+++ Data under study

(* Let $(X,\mathcal{R})$ be an imprimitive symmetric association scheme with $6$ classes, cometric with respect to the ordering $E_0,\dots,E_6$, with first multiplicity $m>2$ and Krein array $\{m,m-1,1,b_3^*,b_4^*,1;\ 1,c_2^*,m-b_3^*,1,c_5^*,m\}$, where $a_2^*=a_4^*+a_5^*$. Define polynomials $v_i^*$ by $v_0^*(x)=1$, $v_1^*(x)=x$ and $xv_i^*(x)=c_{i+1}^*v_{i+1}^*(x)+a_i^*v_i^*(x)+b_{i-1}^*v_{i-1}^*(x)$ for $1\le i\le 6$, where one sets $c_7^*=1$. Then $$mc_2^*c_3^*c_5^*v_7^*(x)=\bigl(x^3-a_2^*x^2-(m+c_2^*(m-1))x+ma_2^*-a_5^*c_3^*\bigr)(x^2+c_2^*x-m)(x-m)(x+1).$$
   Context: A symmetric association scheme with $d$ classes is a pair $(X,\mathcal{R})$, $X$ finite, $\mathcal{R}=\{R_0,\dots,R_d\}$ symmetric relations with adjacency matrices $A_i$ such that $A_0=I$, $\sum_iA_i=J$, and each $A_iA_j$ is a linear combination of the $A_h$. Its primitive idempotents are $E_0=\frac1{|X|}J,E_1,\dots,E_d$, Krein parameters $q_{ij}^h$ are defined by $E_i\circ E_j=\frac{1}{|X|}\sum_hq_{ij}^hE_h$ ($\circ$ entrywise product), $m_i=\mathrm{rank}(E_i)$. Imprimitive means some $(X,R_i)$, $1\le i\le d$, is disconnected. Cometric with respect to $E_0,\dots,E_d$ means $q_{ij}^h=0$ if $i+j<h$ and $q_{ij}^h\ne0$ if $i+j=h$. Then $m=m_1$, $a_i^*=q_{1i}^i$, $b_i^*=q_{1,i+1}^i$, $c_i^*=q_{1,i-1}^i$, with $a_i^*+b_i^*+c_i^*=m$, and the Krein array is $\{b_0^*,\dots,b_{d-1}^*;c_1^*,\dots,c_d^*\}$. In the given situation, $c_3^*=m-b_3^*$ and $a_1^*=a_3^*=a_6^*=0$. *)

From HB Require Import structures.
From mathcomp Require Import all_boot all_order all_algebra.
Set Implicit Arguments. Unset Strict Implicit. Unset Printing Implicit Defensive.
Import Order.TTheory GRing.Theory Num.Theory.
Local Open Scope ring_scope.

Definition adjmx (R : fieldType) (n : nat) (Rl : rel 'I_n) : 'M[R]_n :=
  \matrix_(x, y) (Rl x y)%:R.

Definition sym_assoc_scheme (R : fieldType) (n d : nat)
    (Rl : 'I_d.+1 -> rel 'I_n) : Prop :=
  (0 < n)%N /\
  [/\ (forall x y, Rl ord0 x y = (x == y)),
      (forall x y, #|[pred i | Rl i x y]| = 1%N),
      (forall i, exists x y, Rl i x y),
      (forall i x y, Rl i x y = Rl i y x)
    & (forall i j, exists p : 'I_d.+1 -> R,
         adjmx R (Rl i) *m adjmx R (Rl j) = \sum_h p h *: adjmx R (Rl h))].

Definition prim_idempotents (R : fieldType) (n d : nat)
    (Rl : 'I_d.+1 -> rel 'I_n) (E : 'I_d.+1 -> 'M[R]_n) : Prop :=
  [/\ E ord0 = n%:R^-1 *: const_mx 1,
      (forall i j, E i *m E j = if i == j then E i else 0),
      (forall i, E i != 0),
      \sum_i E i = 1%:M
    & (forall i, exists c : 'I_d.+1 -> R, E i = \sum_h c h *: adjmx R (Rl h))].

Definition krein_params (R : fieldType) (n d : nat)
    (E : 'I_d.+1 -> 'M[R]_n) (q : 'I_d.+1 -> 'I_d.+1 -> 'I_d.+1 -> R) : Prop :=
  forall i j, map2_mx *%R (E i) (E j) = n%:R^-1 *: \sum_h q i j h *: E h.

Definition imprimitive (n d : nat) (Rl : 'I_d.+1 -> rel 'I_n) : Prop :=
  exists i : 'I_d.+1, i != ord0 /\ exists x y, ~~ connect (Rl i) x y.

Definition cometric (R : fieldType) (d : nat)
    (q : 'I_d.+1 -> 'I_d.+1 -> 'I_d.+1 -> R) : Prop :=
  (forall i j h : 'I_d.+1, (i + j < h)%N -> q i j h = 0) /\
  (forall i j h : 'I_d.+1, (i + j)%N = h -> q i j h != 0).

(* a_i^* = q_{1i}^i, b_i^* = q_{1,i+1}^i, c_i^* = q_{1,i-1}^i
   (only used with indices in range) *)
Definition astar (R : fieldType) (d : nat) (q : 'I_d.+1 -> 'I_d.+1 -> 'I_d.+1 -> R)
  (i : nat) : R := q (inord 1) (inord i) (inord i).
Definition bstar (R : fieldType) (d : nat) (q : 'I_d.+1 -> 'I_d.+1 -> 'I_d.+1 -> R)
  (i : nat) : R := q (inord 1) (inord i.+1) (inord i).
Definition cstar (R : fieldType) (d : nat) (q : 'I_d.+1 -> 'I_d.+1 -> 'I_d.+1 -> R)
  (i : nat) : R := q (inord 1) (inord i.-1) (inord i).

From HB Require Import structures.
From mathcomp Require Import all_boot all_order all_algebra.
From mathcomp Require Import ring lra zify.
Import Order.TTheory GRing.Theory Num.Theory.
Local Open Scope ring_scope.

(* Krein symmetry m_h q_ij^h = m_j q_ih^j turns the cometric vanishing
   condition into q_1j^h = 0 whenever |j - h| > 1, and the row-sum identity
   sum_j q_ij^h = m_i then gives a_h^* + b_h^* + c_h^* = m.  Together with the Krein array these equations
   determine every a_i^* and b_4^* in terms of m, c_2^*, c_5^*; unrolling the
   three-term recurrence to v_7^* leaves an identity of rational functions,
   checked pointwise. *)

Lemma mxtrace_idem (F : fieldType) (n : nat) (A : 'M[F]_n) :
  A *m A = A -> \tr A = (\rank A)%:R.
Proof.
move=> AA; have AE := mulmx_base A.
have [L LC] := row_fullP (col_base_full A).
have [Rr BR] := row_freeP (row_base_free A).
set C := col_base A in AE LC *; set B := row_base A in AE BR *; clearbody C B.
rewrite -{1}AE mxtrace_mulC; suff -> : B *m C = 1%:M by rewrite mxtrace1.
have CBCB : C *m B *m (C *m B) = C *m B by rewrite AE.
have <- : L *m (C *m B *m (C *m B)) *m Rr = B *m C.
  by rewrite !mulmxA LC mul1mx -!mulmxA BR mulmx1.
by rewrite CBCB mulmxA LC mul1mx BR.
Qed.

Lemma horner_eq_poly (R : numDomainType) (p r : {poly R}) :
  (forall x, p.[x] = r.[x]) -> p = r.
Proof.
move=> eq_pr; apply/eqP; rewrite -subr_eq0; apply/eqP.
apply: (@roots_geq_poly_eq0 _ _ [seq i%:R | i <- iota 0 (size (p - r))]).
- by apply/allP => _ /mapP[i _ ->]; rewrite /root hornerD hornerN eq_pr subrr.
- by rewrite map_inj_uniq ?iota_uniq // => i j /eqP; rewrite eqr_nat => /eqP.
- by rewrite size_map size_iota.
Qed.

Section KreinParameters.

Context {R : numFieldType} {n d : nat} {Rl : 'I_d.+1 -> rel 'I_n}.
Context {E : 'I_d.+1 -> 'M[R]_n} {q : 'I_d.+1 -> 'I_d.+1 -> 'I_d.+1 -> R}.
Hypothesis scheme : sym_assoc_scheme R Rl.
Hypothesis idem : prim_idempotents Rl E.
Hypothesis krein : krein_params E q.

Let mult i : R := (\rank (E i))%:R.

Lemma natr_size_neq0 : n%:R != 0 :> R.
Proof. by case: scheme => n_gt0 _; rewrite pnatr_eq0 -lt0n. Qed.

Lemma prim_idempotentM i j : E i *m E j = if i == j then E i else 0.
Proof. by case: idem. Qed.

Lemma prim_idempotent_tr i : (E i)^T = E i.
Proof.
case: idem => _ _ _ _ /(_ i)[coef ->]; case: scheme => _ [_ _ _ Rl_sym _].
apply/matrixP => x y; rewrite !mxE !summxE; apply: eq_bigr => h _.
by rewrite !mxE Rl_sym.
Qed.

Lemma mxtrace_prim_idempotent i : \tr (E i) = mult i.
Proof. by apply: mxtrace_idem; rewrite prim_idempotentM eqxx. Qed.

Lemma mult_neq0 i : mult i != 0.
Proof.
by case: idem => _ _ /(_ i) Ei_neq0 _ _; rewrite pnatr_eq0 mxrank_eq0.
Qed.

Lemma sum_prim_idempotentMr (coef : 'I_d.+1 -> R) k :
  (\sum_h coef h *: E h) *m E k = coef k *: E k.
Proof.
rewrite mulmx_suml (bigD1 k) //= big1 ?addr0 => [|h hk].
  by rewrite -scalemxAl prim_idempotentM eqxx.
by rewrite -scalemxAl prim_idempotentM (negbTE hk) scaler0.
Qed.

Lemma prim_idempotent_coef_inj (coef coef' : 'I_d.+1 -> R) k :
  \sum_h coef h *: E h = \sum_h coef' h *: E h -> coef k = coef' k.
Proof.
move=> /(congr1 (mulmx^~ (E k))); rewrite !sum_prim_idempotentMr => /eqP.
rewrite -subr_eq0 -scalerBl scaler_eq0 subr_eq0.
by case: idem => _ _ /(_ k)/negbTE-> _ _; rewrite orbF => /eqP.
Qed.

Lemma mxtrace_hadamard_prim_idempotent i j h :
  \tr (map2_mx *%R (E i) (E j) *m E h) = n%:R^-1 * (q i j h * mult h).
Proof.
rewrite krein -scalemxAl sum_prim_idempotentMr !mxtraceZ.
by rewrite mxtrace_prim_idempotent.
Qed.

(* Both sides are n^-1 times sum_(x,y) (E_i)_xy (E_j)_xy (E_h)_xy. *)
Lemma krein_mult_sym i j h : q i j h * mult h = q i h j * mult j.
Proof.
have triple_sum k l : \tr (map2_mx *%R (E i) (E k) *m E l)
    = \sum_x \sum_y E i x y * E k x y * E l x y.
  rewrite /mxtrace; apply: eq_bigr => x _; rewrite mxE; apply: eq_bigr => y _.
  by rewrite !mxE -[in E l y x](prim_idempotent_tr l) mxE.
apply: (mulfI (invr_neq0 natr_size_neq0)).
rewrite -!mxtrace_hadamard_prim_idempotent !triple_sum.
by apply: eq_bigr => x _; apply: eq_bigr => y _; rewrite mulrAC.
Qed.

Lemma prim_idempotent_diag_const i : exists e0, forall x, E i x x = e0.
Proof.
case: idem => _ _ _ _ /(_ i)[coef ->]; case: scheme => _ [Rl0 Rl_part _ _ _].
have Rl_diag x h : Rl h x x = (h == ord0).
  have [h0 part] := mem_card1 (Rl_part x x).
  have : ord0 \in [pred h | Rl h x x] by rewrite inE Rl0.
  by rewrite part inE => /eqP ->; have := part h; rewrite !inE.
exists (coef ord0) => x; rewrite summxE (bigD1 ord0) //= big1 ?addr0.
  by rewrite !mxE Rl_diag eqxx mulr1.
by move=> h /negbTE h_neq0; rewrite !mxE Rl_diag h_neq0 mulr0.
Qed.

(* sum_j E_i o E_j = E_i o I is the constant diagonal of E_i times I. *)
Lemma krein_row_sum i h : \sum_j q i j h = mult i.
Proof.
have [e0 diag] := prim_idempotent_diag_const i.
have sumE : \sum_h E h = 1%:M by case: idem.
have hadamard_sum : \sum_j map2_mx *%R (E i) (E j) = \sum_h e0 *: E h.
  rewrite -scaler_sumr sumE; apply/matrixP => x y; rewrite summxE !mxE.
  under eq_bigr do rewrite mxE.
  rewrite -mulr_sumr -summxE sumE !mxE.
  by case: (eqVneq x y) => [<-|_]; rewrite ?diag ?mulr0.
have krein_sum : \sum_j map2_mx *%R (E i) (E j)
    = \sum_h (n%:R^-1 * \sum_j q i j h) *: E h.
  under eq_bigr do rewrite krein.
  rewrite -scaler_sumr exchange_big /= scaler_sumr; apply: eq_bigr => k _.
  by rewrite -scaler_suml scalerA.
have tr_Ei : mult i = n%:R * e0.
  rewrite -mxtrace_prim_idempotent /mxtrace (eq_bigr _ (fun x _ => diag x)).
  by rewrite sumr_const card_ord mulr_natl.
have := prim_idempotent_coef_inj _ (fun=> e0) h
  (etrans (esym krein_sum) hadamard_sum).
by rewrite tr_Ei => <-; rewrite mulrA divff ?natr_size_neq0 // mul1r.
Qed.

Hypothesis comet : cometric q.

Lemma cometric_krein_eq0 (i j h : 'I_d.+1) :
  ((i + j < h) || (i + h < j))%N -> q i j h = 0.
Proof.
case: comet => vanish _; case/orP => [/vanish //|/vanish q_ihj].
have := krein_mult_sym i j h; rewrite q_ihj mul0r => /eqP.
by rewrite mulf_eq0 (negbTE (mult_neq0 h)) orbF => /eqP.
Qed.

Lemma cometric_cstar_neq0 k : (0 < k <= d)%N -> cstar q k != 0.
Proof.
by move=> k_range; case: comet => _; apply; rewrite !inordK; lia.
Qed.

Lemma inord_eqE (j : 'I_d.+1) x :
  (x <= d)%N -> (j == inord x) = (j == x :> nat).
Proof. by move=> x_le_d; rewrite -val_eqE /= inordK. Qed.

Lemma cometric_sum_abc k : (0 < k < d)%N ->
  astar q k + bstar q k + cstar q k = mult (inord 1).
Proof.
move=> k_range; rewrite -(krein_row_sum (inord 1) (inord k)).
rewrite (bigD1 (inord k.-1)) //= (bigD1 (inord k)) /=; last first.
  by rewrite inord_eqE ?inordK; lia.
rewrite (bigD1 (inord k.+1)) /=; last first.
  by rewrite !inord_eqE ?inordK; lia.
rewrite big1 => [|j]; first by rewrite addr0 /astar /bstar /cstar; ring.
rewrite !inord_eqE; [move=> j_far | lia..].
by apply: cometric_krein_eq0; rewrite !inordK; have := ltn_ord j; lia.
Qed.

Lemma cometric_sum_ac : (0 < d)%N -> astar q d + cstar q d = mult (inord 1).
Proof.
move=> d_gt0; rewrite -(krein_row_sum (inord 1) (inord d)).
rewrite (bigD1 (inord d.-1)) //= (bigD1 (inord d)) /=; last first.
  by rewrite inord_eqE ?inordK; lia.
rewrite big1 => [|j]; first by rewrite addr0 /astar /cstar addrC.
rewrite !inord_eqE; [move=> j_far | lia..].
by apply: cometric_krein_eq0; rewrite !inordK; have := ltn_ord j; lia.
Qed.

End KreinParameters.

Lemma three_term_next {F : fieldType} {x c z a y b w : F} :
  c != 0 -> x * y = c * z + (a * y + b * w) -> z = ((x - a) * y - b * w) / c.
Proof.
move=> c_neq0 rec; apply: (mulIf c_neq0); rewrite divfK // mulrBl rec; ring.
Qed.

Lemma krein_array_v7_factor {R : realFieldType} {m : R} {a b c : nat -> R}
    {v : nat -> {poly R}} :
  m != 0 -> c 2%N != 0 -> c 3%N != 0 -> c 5%N != 0 ->
  b 0%N = m -> b 1%N = m - 1 -> b 2%N = 1 -> b 5%N = 1 ->
  c 1%N = 1 -> c 3%N = m - b 3%N -> c 4%N = 1 -> c 6%N = m ->
  a 2%N = a 4%N + a 5%N ->
  (forall k, (0 < k < 6)%N -> a k + b k + c k = m) -> a 6%N + c 6%N = m ->
  v 0%N = 1 -> v 1%N = 'X ->
  (forall i : nat, (1 <= i <= 6)%N ->
     'X * v i = (if i == 6%N then 1 else c i.+1) *: v i.+1
                + a i *: v i + b i.-1 *: v i.-1) ->
  (m * c 2%N * c 3%N * c 5%N) *: v 7%N =
    ('X ^+ 3 - a 2%N *: 'X ^+ 2 - (m + c 2%N * (m - 1)) *: 'X
       + (m * a 2%N - a 5%N * c 3%N)%:P)
    * ('X ^+ 2 + c 2%N *: 'X - m%:P) * ('X - m%:P) * ('X + 1).
Proof.
move=> m_neq0 c2_neq0 c3_neq0 c5_neq0 b0 b1 b2 b5 c1 c3 c4 c6 a2.
move=> sum_abc sum_ac v0 v1 rec.
have s1 := sum_abc 1%N erefl; have s2 := sum_abc 2%N erefl.
have s3 := sum_abc 3%N erefl; have s4 := sum_abc 4%N erefl.
have s5 := sum_abc 5%N erefl.
have ea1 : a 1%N = 0 by lra.
have ea2 : a 2%N = m - 1 - c 2%N by lra.
have ea3 : a 3%N = 0 by lra.
have ea4 : a 4%N = m - b 4%N - 1 by lra.
have ea5 : a 5%N = m - 1 - c 5%N by lra.
have ea6 : a 6%N = 0 by lra.
have eb4 : b 4%N = c 2%N - c 5%N - 1 + m by lra.
apply: horner_eq_poly => x.
have rec_at i : (1 <= i <= 6)%N -> x * (v i).[x] =
    (if i == 6%N then 1 else c i.+1) * (v i.+1).[x]
    + (a i * (v i).[x] + b i.-1 * (v i.-1).[x]).
  move=> i_range; have e := congr1 (horner^~ x) (rec i i_range).
  by rewrite !hornerE in e; rewrite e addrA.
have c4_neq0 : c 4%N != 0 by rewrite c4 oner_neq0.
have c6_neq0 : c 6%N != 0 by rewrite c6.
have y7 := three_term_next (oner_neq0 R) (rec_at 6%N erefl).
have y6 := three_term_next c6_neq0 (rec_at 5%N erefl).
have y5 := three_term_next c5_neq0 (rec_at 4%N erefl).
have y4 := three_term_next c4_neq0 (rec_at 3%N erefl).
have y3 := three_term_next c3_neq0 (rec_at 2%N erefl).
have y2 := three_term_next c2_neq0 (rec_at 1%N erefl).
rewrite /= in y7 y6 y5 y4 y3 y2.
rewrite !(hornerZ, hornerM, hornerD, hornerN, hornerX, hornerC, hornerXn).
rewrite y7 y6 y5 y4 y3 y2 v1 v0 !(hornerX, hornerC).
rewrite ea1 ea2 ea3 ea4 ea5 ea6 eb4 b0 b1 b2 b5 c3 c4 c6.
rewrite c3 in c3_neq0; field.
by rewrite c3_neq0 c2_neq0 c5_neq0 m_neq0.
Qed.

Theorem lemma4p1 (R : realFieldType) (n : nat) (Rl : 'I_7 -> rel 'I_n)
    (E : 'I_7 -> 'M[R]_n) (q : 'I_7 -> 'I_7 -> 'I_7 -> R)
    (v : nat -> {poly R}) :
  sym_assoc_scheme R Rl ->
  imprimitive Rl ->
  prim_idempotents Rl E ->
  krein_params E q ->
  cometric q ->
  let m : R := (\rank (E (inord 1)))%:R in
  let a := astar q in let b := bstar q in let c := cstar q in
  (2 < \rank (E (inord 1)))%N ->
  b 0%N = m -> b 1%N = m - 1 -> b 2%N = 1 -> b 5%N = 1 ->
  c 1%N = 1 -> c 3%N = m - b 3%N -> c 4%N = 1 -> c 6%N = m ->
  a 2%N = a 4%N + a 5%N ->
  v 0%N = 1 -> v 1%N = 'X ->
  (forall i : nat, (1 <= i <= 6)%N ->
     'X * v i = (if i == 6%N then 1 else c i.+1) *: v i.+1
                + a i *: v i + b i.-1 *: v i.-1) ->
  (m * c 2%N * c 3%N * c 5%N) *: v 7%N =
    ('X ^+ 3 - a 2%N *: 'X ^+ 2 - (m + c 2%N * (m - 1)) *: 'X
       + (m * a 2%N - a 5%N * c 3%N)%:P)
    * ('X ^+ 2 + c 2%N *: 'X - m%:P) * ('X - m%:P) * ('X + 1).
Proof.
move=> scheme _ idem krein comet m a b c rank_gt2.
move=> b0 b1 b2 b5 c1 c3 c4 c6 a2 v0 v1 rec.
have m_neq0 : m != 0 by rewrite pnatr_eq0 -lt0n (leq_trans _ rank_gt2).
have c_neq0 k : (0 < k <= 6)%N -> c k != 0 := cometric_cstar_neq0 comet k.
have sum_abc k : (0 < k < 6)%N -> a k + b k + c k = m.
  exact: (cometric_sum_abc scheme idem krein comet).
have sum_ac : a 6%N + c 6%N = m := cometric_sum_ac scheme idem krein comet isT.
exact: (krein_array_v7_factor m_neq0 (c_neq0 2%N isT) (c_neq0 3%N isT)
  (c_neq0 5%N isT) b0 b1 b2 b5 c1 c3 c4 c6 a2 sum_abc sum_ac v0 v1 rec).
Qed.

++++++

**Exercise aim**
For the listing above, state how many lines contain the string "times". Give the number and nothing else.

**Answer to this problem**
2